-- Task statement --
In the entries below, return only the line containing "Lemma const_cauchy (X" and those after it, exactly, through the last line.
━━━ Records for this task ━━━
(* Let $(W,\lambda\colon N\otimes W\to W)$ be an initial algebra of $N\otimes-$ on $\mathsf{SquaMS}$ (so $\lambda$ is an isomorphism), let $V=C(W)$ be its Cauchy completion, and let $\theta\colon N\otimes V\to V$ be the composite of the canonical isometric isomorphism $N\otimes C(W)\cong C(N\otimes W)$ (sending $n\otimes(x_k)_k$ to $(n\otimes x_k)_k$) with $C(\lambda)$. Then $(V,\theta^{-1}\colon V\to N\otimes V)$ is the final $N\otimes-$ coalgebra.
   Context: Let $M_0=\{(r,s)\in[0,1]^2: r\in\{0,1\}\text{ or } s\in\{0,1\}\}$. A square metric space is a pair $(X,S_X)$ with $X$ a metric space with all distances at most $2$ and $S_X\colon M_0\to X$ injective such that (sq1) for $i\in\{0,1\}$, $r,s\in[0,1]$: $d_X(S_X(i,r),S_X(i,s))=|s-r|$ and $d_X(S_X(r,i),S_X(s,i))=|s-r|$; (sq2) $d_X(S_X(r,s),S_X(t,u))\ge|r-t|+|s-u|$. $\mathsf{SquaMS}$: these objects, with short maps $f$ satisfying $f\circ S_X=S_Y$ as morphisms. Let $N=\{0,1,2\}^2$, also viewed as points of $\mathbb{R}^2$. For $X$ in $\mathsf{SquaMS}$, $N\otimes X=(N\times X)/\!\sim$, where $\sim$ is generated by $(m,S_X(p))\sim(n,S_X(q))$ whenever $m,n\in N$ differ by exactly $1$ in exactly one coordinate and $(m+p)/3=(n+q)/3$; $n\otimes x$ is the class of $(n,x)$. With $d((a,u),(b,v))=\frac13 d_X(u,v)$ if $a=b$ and $2$ otherwise, $N\otimes X$ gets the quotient metric (infimum over finite chains of sums of consecutive distances, $\sim$-related pairs counting $0$). $S_{N\otimes X}(p)=n\otimes S_X(3p-n)$ for any $n\in N$ with $p\in(n+[0,1]^2)/3$; $(N\otimes f)(n\otimes x)=n\otimes f(x)$. The Cauchy completion $C(X)$ has metric $d((x_i),(y_i))=\lim d_X(x_i,y_i)$ and $S_{C(X)}(p)$ the class of the constant sequence $S_X(p)$. A final coalgebra admits a unique coalgebra morphism from every coalgebra. *)

From Stdlib Require Import Reals Lra List Relations ClassicalEpsilon.
From Coquelicot Require Import Coquelicot.
Open Scope R_scope.

Definition eqcl {T : Type} (Rel : T -> T -> Prop) : T -> T -> Prop :=
  clos_refl_sym_trans T Rel.

Definition quot (T : Type) (Rel : T -> T -> Prop) : Type :=
  {P : T -> Prop | exists x, P = eqcl Rel x}.

Definition cls {T : Type} (Rel : T -> T -> Prop) (x : T) : quot T Rel :=
  exist _ (eqcl Rel x) (ex_intro _ x eq_refl).

Definition rep {T : Type} {Rel : T -> T -> Prop} (q : quot T Rel) : T :=
  proj1_sig (constructive_indefinite_description _ (proj2_sig q)).

Definition inM0 (r s : R) : Prop :=
  0 <= r <= 1 /\ 0 <= s <= 1 /\ (r = 0 \/ r = 1 \/ s = 0 \/ s = 1).

(* S_X is represented as a total function R -> R -> X; only its values on
   M0 are ever constrained or used. *)
Record SqRaw := { car : Type; dist : car -> car -> R; sq : R -> R -> car }.

Record isSquaMS (X : SqRaw) : Prop := {
  sq_zero : forall x y, dist X x y = 0 <-> x = y;
  sq_sym : forall x y, dist X x y = dist X y x;
  sq_tri : forall x y z, dist X x z <= dist X x y + dist X y z;
  sq_bound : forall x y, dist X x y <= 2;
  sq_inj : forall r s r' s', inM0 r s -> inM0 r' s' ->
             sq X r s = sq X r' s' -> r = r' /\ s = s';
  sq1 : forall i r s, (i = 0 \/ i = 1) -> 0 <= r <= 1 -> 0 <= s <= 1 ->
          dist X (sq X i r) (sq X i s) = Rabs (s - r) /\
          dist X (sq X r i) (sq X s i) = Rabs (s - r);
  sq2 : forall r s t u, inM0 r s -> inM0 t u ->
          dist X (sq X r s) (sq X t u) >= Rabs (r - t) + Rabs (s - u)
}.

Definition is_morph (X Y : SqRaw) (f : car X -> car Y) : Prop :=
  (forall x y, dist Y (f x) (f y) <= dist X x y) /\
  (forall r s, inM0 r s -> f (sq X r s) = sq Y r s).

Inductive three := I0 | I1 | I2.
Definition N := (three * three)%type.
Definition toR (t : three) : R := match t with I0 => 0 | I1 => 1 | I2 => 2 end.
Definition N_eq_dec (m n : N) : {m = n} + {m <> n}.
Proof. decide equality; decide equality. Defined.

Definition adjacent (m n : N) : Prop :=
  (toR (fst m) = toR (fst n) /\ Rabs (toR (snd m) - toR (snd n)) = 1) \/
  (toR (snd m) = toR (snd n) /\ Rabs (toR (fst m) - toR (fst n)) = 1).

Definition Npre (X : SqRaw) : Type := (N * car X)%type.

Definition gen (X : SqRaw) (a b : Npre X) : Prop :=
  exists (m n : N) (r s r' s' : R),
    inM0 r s /\ inM0 r' s' /\ adjacent m n /\
    (toR (fst m) + r) / 3 = (toR (fst n) + r') / 3 /\
    (toR (snd m) + s) / 3 = (toR (snd n) + s') / 3 /\
    a = (m, sq X r s) /\ b = (n, sq X r' s').

Definition d0 (X : SqRaw) (a b : Npre X) : R :=
  if N_eq_dec (fst a) (fst b) then dist X (snd a) (snd b) / 3 else 2.

(* chains x ~ a1, (a1 -> b1), b1 ~ a2, ..., bk ~ y ; ~-steps cost 0 *)
Fixpoint chain_ok (X : SqRaw) (x y : Npre X) (l : list (Npre X * Npre X)) : Prop :=
  match l with
  | nil => eqcl (gen X) x y
  | (a, b) :: l' => eqcl (gen X) x a /\ chain_ok X b y l'
  end.

Fixpoint chain_cost (X : SqRaw) (l : list (Npre X * Npre X)) : R :=
  match l with
  | nil => 0
  | (a, b) :: l' => d0 X a b + chain_cost X l'
  end.

Definition qdist (X : SqRaw) (x y : Npre X) : R :=
  real (Glb_Rbar (fun c => exists l, chain_ok X x y l /\ c = chain_cost X l)).

Definition ncoord (r : R) : three :=
  if Rlt_dec r (1/3) then I0 else if Rlt_dec r (2/3) then I1 else I2.

Definition Ntens (X : SqRaw) : SqRaw :=
  {| car := quot (Npre X) (gen X);
     dist := fun p q => qdist X (rep p) (rep q);
     sq := fun r s =>
       let n := (ncoord r, ncoord s) in
       cls (gen X) (n, sq X (3 * r - toR (fst n)) (3 * s - toR (snd n))) |}.

Definition Ntens_map (X Y : SqRaw) (f : car X -> car Y)
  (c : car (Ntens X)) : car (Ntens Y) :=
  cls (gen Y) (fst (rep c), f (snd (rep c))).

Definition cauchy {T : Type} (d : T -> T -> R) (u : nat -> T) : Prop :=
  forall eps, 0 < eps -> exists M : nat, forall m n : nat,
    (M <= m)%nat -> (M <= n)%nat -> d (u m) (u n) < eps.

Definition CS (X : SqRaw) : Type := {u : nat -> car X | cauchy (dist X) u}.

Definition crel (X : SqRaw) (u v : CS X) : Prop :=
  is_lim_seq (fun i => dist X (proj1_sig u i) (proj1_sig v i)) 0.

Definition Ccar (X : SqRaw) : Type := quot (CS X) (crel X).

Lemma const_cauchy (X : SqRaw) (HX : isSquaMS X) (x : car X) :
  cauchy (dist X) (fun _ => x).
Proof.
  intros eps Heps. exists 0%nat. intros m n _ _.
  rewrite (proj2 (sq_zero X HX x x) eq_refl). exact Heps.
Qed.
━━━
-- Response area --
Lemma const_cauchy (X : SqRaw) (HX : isSquaMS X) (x : car X) :
  cauchy (dist X) (fun _ => x).
Proof.
  intros eps Heps. exists 0%nat. intros m n _ _.
  rewrite (proj2 (sq_zero X HX x x) eq_refl). exact Heps.
Qed.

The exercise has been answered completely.